(* Let $M$ be a triangulated compact 3-manifold, possibly with boundary, with $t$ tetrahedra, and let $\mathcal{C}_M\subset\mathbb{R}^{7t}$ be its Haken normal cone. (1) $\mathcal{C}_M$ has at most $2^{7t}$ minimal vertex solutions. (2) The minimal Hilbert basis of $\mathcal{C}_M$ has at most $t^{7t}\,2^{49t^2+14t}$ elements.
   Context: Coordinates of $\mathbb{R}^{7t}$ are indexed by pairs (tetrahedron, elementary normal disk type), with 7 types per tetrahedron (4 triangle types separating one vertex from three, 3 quadrilateral types separating two vertices from two). The Haken normal cone $\mathcal{C}_M$ consists of the $v$ with all $v_i\ge0$ satisfying the matching equations: for each face shared by two tetrahedra and each pair of sides of that face, the sum of the coordinates of disk types in one tetrahedron meeting the face in an arc joining that pair of sides equals the corresponding sum in the other tetrahedron. A minimal vertex solution is the smallest nonzero integer point on an extreme ray of $\mathcal{C}_M$. The minimal Hilbert basis is the set of nonzero $v\in\mathcal{C}_M\cap\mathbb{Z}^{7t}$ not expressible as a sum of two nonzero elements of $\mathcal{C}_M\cap\mathbb{Z}^{7t}$. *)

From HB Require Import structures.
From mathcomp Require Import all_boot all_order all_algebra all_fingroup.
Set Implicit Arguments. Unset Strict Implicit. Unset Printing Implicit Defensive.
Import Order.TTheory GRing.Theory Num.Theory.
Local Open Scope ring_scope.
Lemma vertex_in_Dpunct : in_disk vertex_pt /\ vertex_pt <> glue_pt.
Proof.
  split; [unfold in_disk, vertex_pt; simpl; lra|].
  intro E. apply glue_ne_vertex. symmetry. exact E.
Qed.

Definition vertex (n : nat) : X := Some (n, exist _ vertex_pt vertex_in_Dpunct).

(* The vertex of a disk is a limit of non-vertex points of that disk:
   a CW-open set containing it contains a point (1 - t, 0) next to it. *)
Lemma CW_open_near_vertex U n : CW_open U -> U (vertex n) ->
  exists p : Dpunct, proj1_sig p <> vertex_pt /\ U (Some (n, p)).
Proof.
  intros HU Hv.
  destruct (HU n vertex_pt (proj1 vertex_in_Dpunct)) as [e [He Hball]].
  { right. exists vertex_in_Dpunct. exact Hv. }
  set (t := Rmin (e / 2) 1).
  assert (Ht1 : t <= e / 2) by apply Rmin_l.
  assert (Ht2 : t <= 1) by apply Rmin_r.
  assert (Ht0 : 0 < t) by (apply Rmin_pos; lra).
  assert (Hq : in_disk (1 - t, 0)) by (unfold in_disk; simpl; nra).
  destruct (Hball (1 - t, 0) Hq) as [[E _]|[h Hz]].
  - unfold vertex_pt; simpl; nra.
  - unfold glue_pt in E. injection E. lra.
  - exists (exist _ (1 - t, 0) h). split; [|exact Hz].
    simpl. unfold vertex_pt. intro E. injection E. lra.
Qed.

Lemma injective_not_eventually_in {J : Type} (f : nat -> J) (N : nat) (l : list J) :
  (forall n m, f n = f m -> n = m) -> (forall n, (N <= n)%nat -> In (f n) l) -> False.
Proof.
  intros Hinj Hin.
  set (s := map f (seq N (S (length l)))).
  assert (Hnd : NoDup s).
  { apply NoDup_map_NoDup_ForallPairs; [|apply seq_NoDup].
    intros a b _ _. apply Hinj. }
  assert (Hincl : incl s l).
  { intros y Hy. apply in_map_iff in Hy as [n [<- Hn]].
    apply in_seq in Hn. apply Hin. lia. }
  pose proof (NoDup_incl_length Hnd Hincl) as Hlen.
  unfold s in Hlen. rewrite length_map, length_seq in Hlen. lia.
Qed.

Definition vertex_cover (i : option nat) : X -> Prop :=
  match i with None => off_vertices | Some n => cell n end.

Lemma vertex_cover_open_cover : open_cover crs_open (option nat) vertex_cover.
Proof.
  split.
  - intros [n|]; [apply cell_open|apply off_vertices_open].
  - intros [[m p]|]; [|exists None; exact I].
    destruct (classic (proj1_sig p = vertex_pt)).
    + exists (Some m). reflexivity.
    + exists None. assumption.
Qed.
Lemma open_upd2 n U x i j : is_open n U -> U x ->
  exists r, 0 < r /\
    forall s t, Rabs (s - x i) < r -> Rabs (t - x j) < r -> U (upd (upd x i s) j t).
Proof.
  intros HU Hx. destruct (HU x Hx) as [e [He Hball]]. exists (e / 2). split; [lra|].
  intros s t Hs Ht. apply Hball. pose proof (distn_upd2 n x i j s t).
  rewrite Rabs_minus_sym in Hs, Ht. lra.
Qed.

Lemma open_upd n U x i : is_open n U -> U x ->
  exists r, 0 < r /\ forall t, Rabs (t - x i) < r -> U (upd x i t).
Proof.
  intros HU Hx. destruct (open_upd2 n U x i i HU Hx) as [r [Hr Hball]].
  exists r. split; auto. intros t Ht. rewrite <- (upd_upd x i t t). auto.
Qed.

Definition unit_vec (j : nat) : pt := fun r => if Nat.eqb r j then 1 else 0.

Lemma partial_coord x j a : derivable_pt_lim (fun t => upd x j t a) (x j) (unit_vec j a).
Proof.
  unfold upd, unit_vec. destruct (Nat.eqb a j).
  - apply derivable_pt_lim_id.
  - apply derivable_pt_lim_const.
Qed.

Lemma pd_unique f i x l : partial_at f i x l -> pd f i x = l.
Proof.
  intros Df. unfold pd.
  pose proof (epsilon_spec (inhabits 0) (fun l => partial_at f i x l) (ex_intro _ l Df)).
  eapply uniqueness_limite; eauto.
Qed.

Lemma pd_coord a i x : pd (fun y => y a) i x = unit_vec i a.
Proof. apply pd_unique, partial_coord. Qed.

Lemma partial_local n U f g i x l : is_open n U -> U x -> (forall y, U y -> f y = g y) ->
  partial_at f i x l -> partial_at g i x l.
Proof.
  intros HU Hx Efg Df. destruct (open_upd n U x i HU Hx) as [r [Hr Hball]].
  apply (derivable_pt_lim_locally_ext (fun t => f (upd x i t)) (fun t => g (upd x i t))
    _ (x i - r) (x i + r) l); [lra| |exact Df].
  intros z Hz. apply Efg, Hball, Rabs_def1; lra.
Qed.

Lemma partial_line f i z l s g : partial_at f i z l -> z i = s ->
  (forall u, f (upd z i u) = g u) -> derivable_pt_lim g s l.
Proof. intros Df <- Efg. eapply dlim_ext; [exact Efg|reflexivity|exact Df]. Qed.

Definition deriv_family (n : nat) (U : pt -> Prop) (f : pt -> R) (F : list nat -> pt -> R) :=
  (forall y, U y -> F nil y = f y) /\ (forall l, cont_on n U (F l)) /\
  (forall l i y, (i < n)%nat -> U y -> partial_at (F l) i y (F (cons i l) y)).

Lemma pd_family n U f F i x : is_open n U -> U x -> (i < n)%nat ->
  deriv_family n U f F -> pd f i x = F (cons i nil) x.
Proof.
  intros HU Hx Hi (F0 & _ & DF). apply pd_unique.
  eapply partial_local; [exact HU|exact Hx|exact F0|]. auto.
Qed.

Definition cont2_at (Q : R -> R -> R) a b := forall eps, 0 < eps ->
  exists d, 0 < d /\ forall s t, Rabs (s - a) < d -> Rabs (t - b) < d -> Rabs (Q s t - Q a b) < eps.

Lemma cont2_at_upd n U G x i j : is_open n U -> U x -> cont_on n U G ->
  cont2_at (fun s t => G (upd (upd x i s) j t)) (x i) (x j).
Proof.
  intros HU Hx HG eps Heps. destruct (HG x Hx eps Heps) as [d [Hd Hc]].
  destruct (open_upd2 n U x i j HU Hx) as [r [Hr Hball]].
  exists (Rmin r (d / 2)). split; [apply Rmin_pos; lra|].
  intros s t Hs Ht. rewrite !upd_same.
  pose proof (Rmin_l r (d / 2)). pose proof (Rmin_r r (d / 2)).
  pose proof (distn_upd2 n x i j s t).
  rewrite (Rabs_minus_sym (x i)), (Rabs_minus_sym (x j)) in *.
  apply Hc; [apply Hball|]; lra.
Qed.

(* Both orders of differentiation evaluate the same second difference
   phi(a+h,b+h) - phi(a+h,b) - phi(a,b+h) + phi(a,b), by two applications of the
   mean value theorem each. *)
Lemma second_difference_mvt (phi P P' Q Q' : R -> R -> R) a b h : 0 < h ->
  (forall s t, Rabs (s - a) <= h -> Rabs (t - b) <= h ->
     derivable_pt_lim (fun s' => phi s' t) s (P s t)) ->
  (forall s t, Rabs (s - a) <= h -> Rabs (t - b) <= h ->
     derivable_pt_lim (fun t' => P s t') t (Q s t)) ->
  (forall s t, Rabs (s - a) <= h -> Rabs (t - b) <= h ->
     derivable_pt_lim (fun t' => phi s t') t (P' s t)) ->
  (forall s t, Rabs (s - a) <= h -> Rabs (t - b) <= h ->
     derivable_pt_lim (fun s' => P' s' t) s (Q' s t)) ->
  exists xi eta xi' eta', Rabs (xi - a) < h /\ Rabs (eta - b) < h /\
    Rabs (xi' - a) < h /\ Rabs (eta' - b) < h /\ Q xi eta = Q' xi' eta'.
Proof.
  intros Hh D1 D2 D3 D4.
  assert (Ah : Rabs h = h) by (apply Rabs_right; lra).
  assert (hn0 : h <> 0) by lra.
  assert (Sh : forall u, Rabs (u + h - u) <= h)
    by (intros u; replace (u + h - u) with h by ring; lra).
  assert (S0 : forall u, Rabs (u - u) <= h) by (intros u; rewrite Rminus_diag, Rabs_R0; lra).
  destruct (mean_value_increment (fun s => phi s (b + h) - phi s b)
    (fun s => P s (b + h) - P s b) a h hn0) as [xi [Hxi E1]].
  { intros c Hc. rewrite Ah in Hc. apply dlim_plus; [|apply dlim_opp]; apply D1; auto. }
  destruct (mean_value_increment (fun t => P xi t) (fun t => Q xi t) b h hn0) as [eta [Heta E2]].
  { intros c Hc. rewrite Ah in *. apply D2; lra. }
  destruct (mean_value_increment (fun t => phi (a + h) t - phi a t)
    (fun t => P' (a + h) t - P' a t) b h hn0) as [eta' [Heta' E3]].
  { intros c Hc. rewrite Ah in Hc. apply dlim_plus; [|apply dlim_opp]; apply D3; auto. }
  destruct (mean_value_increment (fun s => P' s eta') (fun s => Q' s eta') a h hn0)
    as [xi' [Hxi' E4]].
  { intros c Hc. rewrite Ah in *. apply D4; lra. }
  rewrite Ah in *. exists xi, eta, xi', eta'. repeat split; auto.
  apply Rmult_eq_reg_r with (h * h); [|nra].
  rewrite <- !Rmult_assoc, <- E2, <- E4, <- E1, <- E3. ring.
Qed.
Lemma face_estimate_grid i1 j1 k1 i2 j2 k2 :
  Rabs ((ext N rc1 i2 j2 k2 - ext N rc1 i1 j1 k1) / h) <= Cs ->
  Rabs ((ext N rc0 i2 j2 k2 - ext N rc0 i1 j1 k1) / h) <= Cs ->
  Rabs ((ext N r1 i2 j2 k2 - ext N r1 i1 j1 k1) / h) <= Cs + 1 ->
  Rabs ((ext N r0 i2 j2 k2 - ext N r0 i1 j1 k1) / h) <= Cs + 1 ->
  (ext N rhat i2 j2 k2 + ext N rhat i1 j1 k1) / 2
    * ((ext N St i2 j2 k2 - ext N St i1 j1 k1) / h)
    * ((ext N W i2 j2 k2 - ext N W i1 j1 k1) / h)
  >= 1/4 * ((ext N W i2 j2 k2 - ext N W i1 j1 k1) / h) ^ 2
     - face_const m0 U * L ^ 2 * (ext N V i1 j1 k1 + ext N V i2 j2 k2).
Proof.
  intros Grc1 Grc0 Gr1 Gr0.
  apply quotient_scaling; [exact h_gt0 |].
  assert (jump : forall c p q, 0 <= c <= Cs + 1 -> Rabs ((q - p) / h) <= c ->
                   Rabs (q - p) <= L * h).
  { intros c p q Hc. apply jump_le_of_quotient; auto. apply (mesh_step_le c Hc). }
  unfold ext in *.
  assert (Cp : in_cells N (clamp N i1) (clamp N j1) (clamp N k1))
    by (repeat split; apply clamp_in_range; auto).
  assert (Cq : in_cells N (clamp N i2) (clamp N j2) (clamp N k2))
    by (repeat split; apply clamp_in_range; auto).
  destruct (cell_box _ _ _ Cp) as (? & ? & ?); destruct (cell_box _ _ _ Cq) as (? & ? & ?).
  destruct (cell_steps _ _ _ Cp); destruct (cell_steps _ _ _ Cq).
  pose proof (rhat_between _ _ _ Cp); pose proof (rhat_between _ _ _ Cq).
  unfold err_sq, gsub, gadd, Sfun.
  apply face_estimate; try lra; try (rewrite Rabs_minus_sym; assumption).
  - apply (jump Cs); [lra | exact Grc1].
  - apply (jump Cs); [lra | exact Grc0].
  - apply (jump (Cs + 1)); [lra | exact Gr1].
  - apply (jump (Cs + 1)); [lra | exact Gr0].
Qed.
========
[TO DO]
Only lines containing the word "reflexivity" should be copied from the material above.

[OUTPUT FOR THIS EXERCISE]
    + exists (Some m). reflexivity.
Proof. intros Df <- Efg. eapply dlim_ext; [exact Efg|reflexivity|exact Df]. Qed.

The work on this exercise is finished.